REQUIREMENT = Give a count of the lines below that have the string "split" in them, with no other words.

Records from a data collection:

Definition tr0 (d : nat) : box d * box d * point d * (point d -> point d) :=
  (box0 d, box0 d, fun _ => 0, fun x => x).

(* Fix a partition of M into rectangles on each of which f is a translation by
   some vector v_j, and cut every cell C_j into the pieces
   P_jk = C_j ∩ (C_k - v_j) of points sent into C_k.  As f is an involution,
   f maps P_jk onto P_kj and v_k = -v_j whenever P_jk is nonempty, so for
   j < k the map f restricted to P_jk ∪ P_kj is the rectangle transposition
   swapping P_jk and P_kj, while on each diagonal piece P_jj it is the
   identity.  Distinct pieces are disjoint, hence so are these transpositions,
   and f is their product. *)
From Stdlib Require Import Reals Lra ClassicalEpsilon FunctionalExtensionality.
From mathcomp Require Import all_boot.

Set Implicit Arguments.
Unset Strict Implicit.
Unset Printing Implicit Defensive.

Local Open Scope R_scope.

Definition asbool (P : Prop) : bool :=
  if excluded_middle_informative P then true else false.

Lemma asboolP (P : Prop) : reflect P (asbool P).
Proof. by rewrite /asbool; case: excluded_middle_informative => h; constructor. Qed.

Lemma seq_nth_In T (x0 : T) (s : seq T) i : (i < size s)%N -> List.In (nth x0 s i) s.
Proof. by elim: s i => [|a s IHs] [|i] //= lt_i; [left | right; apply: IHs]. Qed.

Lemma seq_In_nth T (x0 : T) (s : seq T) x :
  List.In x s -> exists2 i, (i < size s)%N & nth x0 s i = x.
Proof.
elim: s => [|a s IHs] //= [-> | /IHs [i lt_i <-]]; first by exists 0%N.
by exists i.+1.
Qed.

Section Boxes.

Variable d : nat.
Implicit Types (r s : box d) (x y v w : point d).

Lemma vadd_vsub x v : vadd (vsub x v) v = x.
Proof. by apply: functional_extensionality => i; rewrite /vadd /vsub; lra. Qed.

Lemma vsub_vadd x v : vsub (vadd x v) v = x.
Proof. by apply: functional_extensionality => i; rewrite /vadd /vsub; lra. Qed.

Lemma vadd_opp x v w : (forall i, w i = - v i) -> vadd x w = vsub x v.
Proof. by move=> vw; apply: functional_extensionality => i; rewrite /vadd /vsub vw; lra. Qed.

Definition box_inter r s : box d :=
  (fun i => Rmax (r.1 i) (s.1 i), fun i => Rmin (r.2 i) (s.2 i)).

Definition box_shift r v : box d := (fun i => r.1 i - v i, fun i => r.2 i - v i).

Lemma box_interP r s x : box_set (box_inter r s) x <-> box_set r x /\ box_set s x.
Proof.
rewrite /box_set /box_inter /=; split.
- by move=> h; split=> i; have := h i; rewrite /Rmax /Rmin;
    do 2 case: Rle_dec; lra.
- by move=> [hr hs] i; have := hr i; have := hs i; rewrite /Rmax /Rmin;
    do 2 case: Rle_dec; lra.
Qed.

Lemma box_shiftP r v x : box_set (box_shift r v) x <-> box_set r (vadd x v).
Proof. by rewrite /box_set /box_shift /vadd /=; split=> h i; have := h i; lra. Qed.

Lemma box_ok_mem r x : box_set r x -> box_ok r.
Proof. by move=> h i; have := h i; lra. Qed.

EXPECTED ANSWER = 3